I just bought the 726 OE tonight for my 76 year old Dad. I also have a 5 year old 726 TE that's very similar. When showing him how to operate it I noticed that both wheels are powered (posi) making it extremely difficult to turn. My 726 TE has only one wheel that is powered which makes it easy to turn. Is there a way of disengaging the posi traction and go to single wheel traction? or is there something wrong with unit? 

thanks


----------



## bwdbrn1 (Nov 24, 2010)

Some models are strictly posi-traction, others, as you've found, can be switched from two wheel drive to one wheel drive. That does make them easier to turn, but also limits the traction it will have.
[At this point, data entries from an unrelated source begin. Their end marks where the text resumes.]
(* Let $J=V+\sqrt{-1}S$ be a complex positive semidefinite matrix with $V=\mathrm{Re}\,J$ strictly positive. Then $J\#J^\top=V^{1/2}\{I+(V^{-1/2}SV^{-1/2})^2\}^{1/2}V^{1/2}$.
   Context: $P\#Q$ is the operator geometric mean: $P^{1/2}(P^{-1/2}QP^{-1/2})^{1/2}P^{1/2}$ for positive definite $P,Q$ and $\lim_{\epsilon\downarrow0}(P+\epsilon I)\#(Q+\epsilon I)$ for positive semidefinite $P,Q$. *)

From HB Require Import structures.
From mathcomp Require Import all_boot all_order all_algebra.
From mathcomp Require Import reals.
From mathcomp Require Import complex.
From Stdlib Require Import ClassicalEpsilon.
Set Implicit Arguments. Unset Strict Implicit. Unset Printing Implicit Defensive.
Import Order.TTheory GRing.Theory Num.Theory.
Local Open Scope ring_scope.

Section MatrixDefs.
Variable R : realType.
Local Notation C := (R[i]).

Definition adjmx (m n : nat) (A : 'M[C]_(m, n)) : 'M[C]_(n, m) :=
  (map_mx (fun z : C => z^*) A)^T.

Definition psdmx (n : nat) (A : 'M[C]_n) : Prop :=
  adjmx A = A /\ forall x : 'cV[C]_n, 0 <= (adjmx x *m A *m x) ord0 ord0.

Definition pdmx (n : nat) (A : 'M[C]_n) : Prop :=
  adjmx A = A /\ forall x : 'cV[C]_n, x != 0 -> 0 < (adjmx x *m A *m x) ord0 ord0.

(* the positive semidefinite square root A^{1/2} of a psd matrix A
   (chosen by classical choice among psd B with B B = A; 0 if none) *)
Definition sqrtmx (n : nat) (A : 'M[C]_n) : 'M[C]_n :=
  epsilon (inhabits 0) (fun B => psdmx B /\ B *m B = A).

Definition Remx (m n : nat) (A : 'M[C]_(m, n)) : 'M[C]_(m, n) := map_mx (fun z => 'Re z) A.
Definition Immx (m n : nat) (A : 'M[C]_(m, n)) : 'M[C]_(m, n) := map_mx (fun z => 'Im z) A.

Definition gmean_pd (n : nat) (P Q : 'M[C]_n) : 'M[C]_n :=
  let P12 := sqrtmx P in
  let Pm12 := invmx P12 in
  P12 *m sqrtmx (Pm12 *m Q *m Pm12) *m P12.

(* P # Q = G for psd P, Q:  G = lim_{eps -> 0+} (P + eps I) # (Q + eps I)
   (epsilon-delta limit, entrywise) *)
Definition is_gmean (n : nat) (P Q G : 'M[C]_n) : Prop :=
  forall e : R, 0 < e -> exists d : R, 0 < d /\
    forall eps : R, 0 < eps -> eps < d ->
      forall i j, `| gmean_pd (P + (eps%:C)%C%:M) (Q + (eps%:C)%C%:M) i j - G i j | < (e%:C)%C.

End MatrixDefs.

From mathcomp Require Import all_boot all_order all_algebra.
From mathcomp Require Import reals complex sesquilinear spectral ring.
From Stdlib Require Import ClassicalEpsilon FunctionalExtensionality.
Set Implicit Arguments. Unset Strict Implicit. Unset Printing Implicit Defensive.
Import Order.TTheory GRing.Theory Num.Theory Num.Def.
Local Open Scope ring_scope.
Local Open Scope sesquilinear_scope.

(* Put V_x = V + x and T_x = V_x^{-1/2} S V_x^{-1/2} for x > 0.  Then
   J + x = V_x^{1/2} (1 + iT_x) V_x^{1/2} and J^T + x = V_x^{1/2} (1 - iT_x) V_x^{1/2},
   where iT_x is Hermitian and 1 +- iT_x are positive semidefinite because J and J^T
   are.  The geometric mean commutes with congruences, and on simultaneously
   diagonalized matrices it is the entrywise square root of the product; so
   (J + x) # (J^T + x) = V_x^{1/2} ((1 + iT_x)(1 - iT_x))^{1/2} V_x^{1/2}
                       = V_x^{1/2} (1 + T_x^2)^{1/2} V_x^{1/2}.
   Letting x -> 0+ only needs continuity of the positive square root, which follows
   from the entrywise estimate |B1 - B2|^2 <= n^4 max |B1^2 - B2^2| for psd B1, B2. *)

(** * Positive semidefinite matrices, square roots and geometric means *)

Section PsdMatrices.
Variable C : numClosedFieldType.

Lemma trmxC_mul m p q (A : 'M[C]_(m, p)) (B : 'M[C]_(p, q)) :
  (A *m B)^t* = B^t* *m A^t*.
Proof. by rewrite trmx_mul map_mxM. Qed.

Lemma trmxCD m p (A B : 'M[C]_(m, p)) : (A + B)^t* = A^t* + B^t*.
Proof. by rewrite linearD map_mxD. Qed.

Lemma trmxCN m p (A : 'M[C]_(m, p)) : (- A)^t* = - A^t*.
Proof. by rewrite linearN map_mxN. Qed.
Your 726 TE probably has two holes in the axel. This allows the clic pin to either be inserted through the wheel first and then the axel, making it two wheel drive. A second hole in the axel outside of the wheel hub allows that wheel to spin free of the axel when the clic pin is inserted through it, and that's what makes it easier to turn. 

Compare your dad's to yours, you may find that his may not have that second hole, or the pin just needs to be moved to the outer one to allow the wheel to turn free of the axel.


----------



## CharlesW (Oct 13, 2010)

82nd Airborne said:


> I just bought the 726 OE tonight for my 76 year old Dad. I also have a 5 year old 726 TE that's very similar. When showing him how to operate it I noticed that both wheels are powered (posi) making it extremely difficult to turn. My 726 TE has only one wheel that is powered which makes it easy to turn. Is there a way of disengaging the posi traction and go to single wheel traction? or is there something wrong with unit?
> 
> thanks


There is most likely a click pin where the wheel hub attaches to the axle. The pin can be installed so it locks the wheel to the axle or lets it turn freely.
On my old 2 stage, both axles have the pins so you can choose which wheel drives if you don't want both of them powered.


----------



## 82nd Airborne (Jan 12, 2011)

thanks for the help guys. I'll take a look at it later today and hopefully correct the problem.


----------